Why Con Air Likely Did Not Cause Anyone to Drown in a Pool
Rob J. Mann
University of Chicago
February 2022
In the decade leading up to 2009, the annual number of pool drownings in the U.S. fluctuated at a rate closely corresponding to the frequency of Hollywood studios releasing a film starring actor Nicolas Cage (fig. 1). We can thus conclude that there exists a strong relationship between Cage's movies and pool drownings. Right?!
Even for careful thinkers, the confusion of correlation with causation is a strikingly common cognitive pitfall. Upon reflection, the error may be revealed to be a product of oversight, a cognitive blindspot, motivated reasoning, or perhaps just a missed breakfast. To prevent falling victim to the attraction of examples of simple correlation, researchers must prioritize investigation of the reasons for the apparent connections. A. Bradford Hill, in a paper outlining how the environment may be evaluated to affect illness, offers a handy toolbox of nine guidelines, often dubbed the “Bradford Hill Criteria,” which are widely accepted as the standard means for assessing causation from association. (Hill, 1965) Tempting as it would be to occasionally accept correlation as a substitute for causation—and believe, for example, Nicolas Cage really did have something to do with all those drownings—I work through below several studies which both highlight the value of applying Hill's criteria, and the shortcomings of not digging deeper into the causes of apparent association.*

Hill on Strength: Hill observed that when the correlation between two sets of observable data is especially strong, it is compelling to consider the possibility of a causal relationship based on the association’s strength alone. As an example of this, Hill pointed out that mortality rates from heavy tobacco smokers was twenty to thirty times that of nonsmokers. Before even hypothesizing biological reasons for smoking causing cancer, a researcher could not ignore such a stark difference between heavy smokers and nonsmokers and their lung cancer mortality rates, and would be compelled to investigate further, rightly supposing a meaningful association was present.

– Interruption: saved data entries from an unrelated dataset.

Lemma Nfuel_irrelevance m : (1 <= m)%nat -> forall f1 f2 n,
  (n <= f1)%nat -> (n <= f2)%nat -> Nfuel m f1 n = Nfuel m f2 n.
Proof.
  intros Hm. induction f1 as [|f1 IH]; intros [|f2] [|n] H1 H2; try lia; try reflexivity.
  cbn [Nfuel]. rewrite (IH f2 n), (IH f2 (S n - m)%nat) by lia. reflexivity.
Qed.

Lemma NN_ge1 m k : (1 <= NN m k)%nat.
Proof. apply Nfuel_ge1. Qed.

Lemma NN_succ m k : (1 <= m)%nat -> NN m (S k) = (NN m k + NN m (S k - m))%nat.
Proof.
  intros Hm. unfold NN. cbn [Nfuel].
  rewrite (Nfuel_irrelevance m Hm k (S k - m) (S k - m)) by lia. reflexivity.
Qed.

Lemma NN_le m j k : (1 <= m)%nat -> (j <= k)%nat -> (NN m j <= NN m k)%nat.
Proof. intros Hm H. induction H; [lia|]. rewrite NN_succ by auto. lia. Qed.

Lemma Sseq_succ m k : Sseq m (S k) =
  map (fun s => s ++ [Plus]) (firstn (NN m (S k - m)) (Sseq m k)) ++
  map (fun s => s ++ [Star]) (skipn (NN m (S k - m)) (Sseq m k)) ++
  map (fun s => s ++ [Minus]) (firstn (NN m (S k - m)) (Sseq m k)).
Proof. reflexivity. Qed.

Lemma length_Sseq m k : (1 <= m)%nat -> length (Sseq m k) = NN m k.
Proof.
  intros Hm. induction k as [|k IH]; [reflexivity|].
  rewrite Sseq_succ, !length_app, !length_map, !length_firstn, length_skipn, IH,
    NN_succ by auto.
  pose proof (NN_le m (S k - m) k Hm ltac:(lia)). lia.
Qed.

Lemma Sseq_length_in m k s : In s (Sseq m k) -> length s = k.
Proof.
  revert s; induction k as [|k IH]; intros s H.
  - destruct H as [<- | []]; reflexivity.
  - rewrite Sseq_succ in H.
    apply in_app_or in H as [H | H]; [| apply in_app_or in H as [H | H]];
      apply in_map_iff in H as [s0 [<- H0]];
      rewrite length_app, (IH s0); simpl; try lia;
      eauto using In_firstn, In_skipn.
Qed.

Lemma Sseq_succ_split_in m k s : In s (Sseq m (S k)) -> last s Star <> Star ->
  In (removelast s) (firstn (NN m (S k - m)) (Sseq m k)).
Proof.
  rewrite Sseq_succ. intros H Hlast.
  apply in_app_or in H as [H | H]; [| apply in_app_or in H as [H | H]];
    apply in_map_iff in H as [s0 [<- H0]];
    rewrite ?removelast_last; auto.
  rewrite last_last in Hlast. congruence.
Qed.

(* The + and ★ blocks of S_(k+1) list S_k in order, with one symbol appended;
   hence the first N(j) vectors truncated to length j do not change as k
   grows. *)
Lemma Sseq_prefix m j d : (1 <= m)%nat ->
  firstn (NN m j) (map (firstn j) (Sseq m (j + d))) = Sseq m j.
Proof.
  intros Hm. induction d as [|d IH].
  - rewrite Nat.add_0_r, (map_ext_in _ (fun s => s)), map_id,
      <- (length_Sseq m j Hm), firstn_all; [reflexivity|].
    intros s Hs. rewrite <- (Sseq_length_in m j s Hs) at 1. apply firstn_all.
  - rewrite Nat.add_succ_r, Sseq_succ.
    set (p := Sseq m (j + d)). set (c := NN m (S (j + d) - m)).
    assert (Hp : forall s, In s p -> length s = (j + d)%nat)
      by (intros; eapply Sseq_length_in; eauto).
    rewrite !map_app, !map_map.
    rewrite (map_ext_in (fun x => firstn j (x ++ [Plus])) (firstn j))
      by (intros s Hs; apply firstn_app_le; rewrite (Hp s) by eauto using In_firstn; lia).
    rewrite (map_ext_in (fun x => firstn j (x ++ [Star])) (firstn j))
      by (intros s Hs; apply firstn_app_le; rewrite (Hp s) by eauto using In_skipn; lia).
    rewrite app_assoc, <- map_app, firstn_skipn, firstn_app_le; [exact IH|].
    rewrite length_map. unfold p. rewrite length_Sseq by auto. apply NN_le; auto; lia.
Qed.

Lemma Wfuel_succ m W f t : t <> [] -> Wfuel m W (S f) t =
  match last t Star with
  | Plus => boxplus (Wfuel m W f (firstn (length t - m) t)) (Wfuel m W f (removelast t))
  | Minus => boxminus (Wfuel m W f (firstn (length t - m) t)) (Wfuel m W f (removelast t))
  | Star => Wfuel m W f (removelast t)
  end.
Proof. destruct t; [congruence | reflexivity]. Qed.

Lemma Wfuel_irrelevance m W : (1 <= m)%nat -> forall f1 f2 t,
  (length t <= f1)%nat -> (length t <= f2)%nat -> Wfuel m W f1 t = Wfuel m W f2 t.
Proof.
  intros Hm. induction f1 as [|f1 IH]; intros [|f2] [|x t] H1 H2; cbn in H1, H2;
    try lia; try reflexivity.
  rewrite !Wfuel_succ by discriminate.
  assert (Hr : length (removelast (x :: t)) = length t)
    by (rewrite removelast_firstn_len, length_firstn; cbn [length]; lia).
  assert (Hf : (length (firstn (length (x :: t) - m) (x :: t)) <= length t)%nat)
    by (rewrite length_firstn; cbn [length]; lia).
  rewrite (IH f2 (removelast (x :: t))), (IH f2 (firstn _ (x :: t))) by lia.
  reflexivity.
Qed.

Lemma Wt_rcons m W s x : (1 <= m)%nat -> Wt m W (s ++ [x]) =
  match x with
  | Plus => boxplus (Wt m W (firstn (S (length s) - m) s)) (Wt m W s)
  | Minus => boxminus (Wt m W (firstn (S (length s) - m) s)) (Wt m W s)
  | Star => Wt m W s
  end.
Proof.
  intros Hm. unfold Wt at 1.
  assert (HL : length (s ++ [x]) = S (length s)) by (rewrite length_app; cbn; lia).
  rewrite HL, Wfuel_succ by (destruct s; discriminate).
  rewrite HL, last_last, removelast_last, firstn_app_le by lia.
  assert (HF : Wfuel m W (length s) (firstn (S (length s) - m) s)
               = Wt m W (firstn (S (length s) - m) s))
    by (apply Wfuel_irrelevance; rewrite ?length_firstn; lia).
  destruct x; rewrite ?HF; reflexivity.
Qed.

Lemma Wt_valid m W t : valid_chan W -> valid_chan (Wt m W t).
Proof.
  intros HW. unfold Wt. generalize (length t) as f. intros f. revert t.
  induction f as [|f IH]; intros [|x t]; try exact HW.
  rewrite Wfuel_succ by discriminate.
  destruct (last _ _); auto using boxplus_valid, boxminus_valid.
Qed.

Lemma sumR_Sseq_Jc m W k :
  sumR (map (fun s => Jc (Wt m W s)) (Sseq m k)) = INR (NN m k) * EJ m W k.
Proof.
  destruct k as [|k]; cbn [EJ].
  - cbn. ring.
  - field. apply not_0_INR. pose proof (NN_ge1 m (S k)). lia.
Qed.

(* The gain of the vectors of S_n that are split into a + and a - child. *)
Definition split_gain (m : nat) (W : chan) (n : nat) : R :=
  sumR (map (fun s => Jgain (Wt m W (firstn (S n - m) s)) (Wt m W s))
            (firstn (NN m (S n - m)) (Sseq m n))).

Lemma split_gain_ge0 m W n : valid_chan W -> 0 <= split_gain m W n.
Proof. intros HW. apply sumR_map_ge0. intros. apply Jgain_ge0; apply Wt_valid, HW. Qed.

Lemma NN_EJ_succ m W n : (1 <= m)%nat ->
  INR (NN m (S n)) * EJ m W (S n) =
  INR (NN m n) * EJ m W n + INR (NN m (S n - m)) * EJ m W (S n - m)
  + split_gain m W n.
Proof.
  intros Hm. unfold split_gain. rewrite <- !sumR_Sseq_Jc.
  set (j := (S n - m)%nat). set (c := NN m j). set (p := Sseq m n).
  set (J := fun s => Jc (Wt m W s)).
  set (Jj := fun s => Jc (Wt m W (firstn j s))).
  set (Jp := fun s => Jc (boxplus (Wt m W (firstn j s)) (Wt m W s))).
  set (Jm := fun s => Jc (boxminus (Wt m W (firstn j s)) (Wt m W s))).
  assert (Hlen : forall s, In s (firstn c p) -> length s = n)
    by (intros s Hs; apply (Sseq_length_in m), (In_firstn _ c); auto).
  assert (Hnew : sumR (map J (Sseq m (S n))) =
                 sumR (map Jp (firstn c p)) + sumR (map J (skipn c p))
                 + sumR (map Jm (firstn c p))).
  { rewrite Sseq_succ. fold j c p.
    rewrite !map_app, !sumR_app, !map_map, Rplus_assoc. f_equal; [|f_equal];
      apply sumR_map_ext_in; intros s Hs; unfold J; rewrite Wt_rcons by auto;
      try rewrite Hlen by auto; reflexivity. }
  assert (Hold : sumR (map J p) = sumR (map J (firstn c p)) + sumR (map J (skipn c p)))
    by (rewrite <- sumR_app, <- map_app, firstn_skipn; reflexivity).
  assert (Hprefix : sumR (map J (Sseq m j)) = sumR (map Jj (firstn c p))).
  { unfold c, p. rewrite <- (Sseq_prefix m j (n - j)), firstn_map, map_map by auto.
    replace (j + (n - j))%nat with n by (unfold j; lia). reflexivity. }
  assert (Hgain : sumR (map (fun s => Jgain (Wt m W (firstn j s)) (Wt m W s)) (firstn c p))
                  = sumR (map Jp (firstn c p)) + sumR (map Jm (firstn c p))
                    - sumR (map Jj (firstn c p)) - sumR (map J (firstn c p))).
  { rewrite (sumR_map_lin3 _ (fun s => Jp s + Jm s) Jj J 1 (-1) (-1))
      by (intros; unfold Jgain; fold (Jp x) (Jm x) (Jj x) (J x); ring).
    rewrite (sumR_map_lin3 (fun s => Jp s + Jm s) Jp Jm (fun _ => 0) 1 1 0)
      by (intros; ring).
    ring. }
  rewrite Hnew, Hold, Hprefix, Hgain. ring.
Qed.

Cummings (2010) and consistency and plausibility: Rather than investigate the possible causes of this well observed correlation, researchers are often incentivized to spend their effort (and funding) uncovering new and novel links between associations that may to be equally strong. When encountering such studies we should look to other criteria in the Hill arsenal, such as his principle of consistency. Cummings’ (2010) research on the connection between sunshine and the seasonality of human birth rates drew on data from nine distinct locations around the globe, with a average study period of nearly 17 years. When Hill suggested that consistency was key to assert causal connections, he noted the value of data, “repeatedly observed by different persons, in different places, circumstances and times”. The Cummings study did just that, and sought what data was available from locations as disparate as Vietnam, Finland, and South Africa, among others. The study was looking for indications that exposure to environmental light intensity (ELI) in the 1-2 months preceding conception increased the rates of children born 9-10 months later. The breadth of Cummings' data and rigorous approach to isolating actual light exposure (and not being confounded by dark, rainy skies on long summer days, for example) allowed Cummings to conclude with some confidence that there are “significant positive correlations between ELI and birth seasonality in six culturally, geographically diverse environments.” Hill also stressed plausibility as a criteria for studying causal connection, and the Cummings study addressed that also, citing the human body’s increase in the production of reproductive hormones in response to sunlight exposure. He further rested his theory on biological, not cultural, origins by noting how there is similar evidence of birth seasonality among baboons and chimpanzees.
Verma & Verma (2015) and temporality: Verma (2015) summarizes a body of scientific literature about links between myopia and high intelligence. The study acknowledges the myriad challenges espousers of this relationship must overcome—not the least of which is a universally accepted definition of “intelligence”. Anyone hearing this assertion for the first time quickly tries to imagine the alleged scientific basis for the claim. Verma summarizes what various studies purport are the medical links between myopia and intelligence, such as the association between ocular and brain development, and the likelihood that myopes read a lot and are thus better prepared for “intelligence tests” that reward those examinees who read a lot. The latter claim is really behavioral, not biological, and this study tries to isolate stronger medical reasons why myopia develops in intelligent individuals, but struggles to find objective, observable data that may be independent of behavior.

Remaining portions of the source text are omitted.